Fisher Scoring and Multinomial GLMs

Purpose

The GLM code in duckreg.dbreg and the compatibility duckreg.estimators module uses compressed sufficient statistics. The key move is to group rows with the same covariates, compute the score and Fisher information on those groups, and then run the same Fisher scoring update that would be used on the full data.

The shared update is

\[ \beta^{(t+1)} = \beta^{(t)} + I(\beta^{(t)})^{-1} U(\beta^{(t)}), \]

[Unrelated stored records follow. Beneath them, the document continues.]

(* Let $c:\mathbb{T}\to[0,1]$ and $\epsilon>0$. Then there exist $r\in[0,1]$ and an increasing sequence $\mu_i$ ($i<\infty$) of elements of $\mathbb{A}$ such that $|c(\mu_i)-r|<\epsilon$ for all $i$, and $|c(\mu_i\,\hat{}\,\mu_j)-r|<\epsilon$ for all $i<j$.
   Context: For $a,b\subseteq(0,1]$ put $a\,\hat{}\,b=\tfrac12 a\cup\tfrac12(b+1)$. $\mathbb{T}$ is the set of finite subsets of $(0,1]$ generated from $\mathbf{1}=\{1\}$ by $\hat{}$; $(\mathbb{T},\hat{},\mathbf{1})$ is the free binary system on one generator. For $t\in\mathbb{T}$, $\#(t)$ is its cardinality, and $\mathbb{T}_n=\{t\in\mathbb{T}:\#(t)=n\}$ (a finite set). $\mathbb{A}_n$ is the set of probability measures on $\mathbb{T}_n$ (convex combinations of elements of $\mathbb{T}_n$), $\mathbb{A}$ is the disjoint union of the $\mathbb{A}_n$, and $\#(\nu)=n$ for $\nu\in\mathbb{A}_n$. The operation $\hat{}$ extends bilinearly to $\mathbb{A}$: $(\mu\,\hat{}\,\nu)(E)=\sum_{a\hat{}b\in E}\mu(\{a\})\nu(\{b\})$. A function $c:\mathbb{T}\to\mathbb{R}$ is extended linearly to $\mathbb{A}$: $c(\nu)=\sum_t \nu(\{t\})c(t)$. A sequence $\mu_i$ in $\mathbb{A}$ is increasing if $i<j$ implies $\#(\mu_i)<\#(\mu_j)$. *)

From Stdlib Require Import Reals List.
Import ListNotations.
Open Scope R_scope.

(* The free binary system on one generator: binary trees.
   [leaf] plays the role of 1 = {1}, [node a b] the role of a ^ b. *)
Inductive tree : Type :=
| leaf : tree
| node : tree -> tree -> tree.

(* #(t): the cardinality of t as a subset of (0,1]; #(1)=1 and
   #(a^b) = #(a)+#(b) since the two halves are disjoint. *)
Fixpoint card (t : tree) : nat :=
  match t with
  | leaf => 1%nat
  | node a b => (card a + card b)%nat
  end.

(* A finitely supported measure, given as a list of (point, weight) pairs;
   the measure of {t} is the sum of the weights attached to t. *)
Definition meas := list (tree * R).

Fixpoint total_weight (mu : meas) : R :=
  match mu with
  | [] => 0
  | p :: mu' => snd p + total_weight mu'
  end.

(* mu is a probability measure on T_n, i.e. an element of A_n. *)
Definition in_A (n : nat) (mu : meas) : Prop :=
  Forall (fun p => card (fst p) = n /\ 0 <= snd p) mu /\ total_weight mu = 1.

(* Bilinear extension of ^ : (mu ^ nu)({a^b}) = mu({a}) nu({b}). *)
Definition hat (mu nu : meas) : meas :=
  flat_map (fun p => map (fun q => (node (fst p) (fst q), snd p * snd q)) nu) mu.

Fixpoint cext (c : tree -> R) (mu : meas) : R :=
  match mu with
  | [] => 0
  | p :: mu' => snd p * c (fst p) + cext c mu'
  end.

(* Let p = p + p be an idempotent nonprincipal ultrafilter on nat (Ellis–Numakura), and let
   x_n, y_n be trees of size n minimising, resp. maximising, c.  As x_n ^ x_m has size n + m,
   c(x_n ^ x_m) >= c(x_(n+m)), and idempotence makes the iterated p-limit of c(x_(n+m)) equal
   to the p-limit a_x of c(x_n); hence a_x <= b_xx, the iterated p-limit of c(x_n ^ x_m), and
   dually b_yy <= a_y.  By the intermediate value theorem some mixture
   nu_n = (1-l) x_n + l y_n has iterated pair limit equal to its own limit r, and choosing the
   terms of the sequence one by one, each p-generically over the earlier ones, attains both
   limits within eps. *)

From Stdlib Require Import Reals List Lia Lra.
From Stdlib Require Import Classical ClassicalEpsilon FunctionalExtensionality PropExtensionality.
From mathcomp Require classical_sets filter boolp.
Import ListNotations.
Open Scope R_scope.

Local Notation ufilter := ((nat -> Prop) -> Prop).

Record proper_filter {X : Type} (P : (X -> Prop) -> Prop) : Prop := {
  filter_true : P (fun _ => True);
  filter_and : forall A B, P A -> P B -> P (fun x => A x /\ B x);
  filter_mono : forall A B : X -> Prop, (forall x, A x -> B x) -> P A -> P B;
  filter_not_false : ~ P (fun _ => False)
}.

Arguments filter_true {X P}.
Arguments filter_and {X P} _ [A B].
Arguments filter_mono {X P} _ [A B].
Arguments filter_not_false {X P}.

Section ProperFilter.
Context {X : Type} {P : (X -> Prop) -> Prop} (HP : proper_filter P).

Lemma filter_inhabited A : P A -> exists x, A x.
Proof.
  intros HA. apply NNPP; intros Hn. apply (filter_not_false HP).
  apply (filter_mono HP (B := fun _ => False) (A := A)); auto.
  intros x Ax. apply Hn; eauto.
Qed.

Lemma filter_all (A : X -> Prop) : (forall x, A x) -> P A.
Proof. intros HA. apply (filter_mono HP (A := fun _ => True)); auto. apply HP. Qed.

Lemma filter_forall_in {I : Type} (l : list I) (A : I -> X -> Prop) :
  (forall i, In i l -> P (A i)) -> P (fun x => forall i, In i l -> A i x).
Proof.
  induction l as [|i0 l IH]; intros Hl.
  - apply filter_all. intros x i [].
  - refine (filter_mono HP _ (filter_and HP (Hl i0 (or_introl eq_refl))
      (IH (fun i Hi => Hl i (or_intror Hi))))).
    intros x [H0 Hx] i [<-|Hi]; auto.
Qed.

where \(U(\beta)\) is the score and \(I(\beta)\) is the expected Fisher information. In the code this appears as

step = solve(info, score)
beta_new = beta + step

The function _solve_step solves this linear system, with a small ridge fallback if the information matrix is singular. The logistic, Poisson, and multinomial routines differ only in how they compute score and info.

Compression

For canonical GLMs without fixed effects, rows with the same covariate vector \(x_g\) can be collapsed. Let \(g\) index compressed cells and \(n_g\) be the number of original rows in cell \(g\).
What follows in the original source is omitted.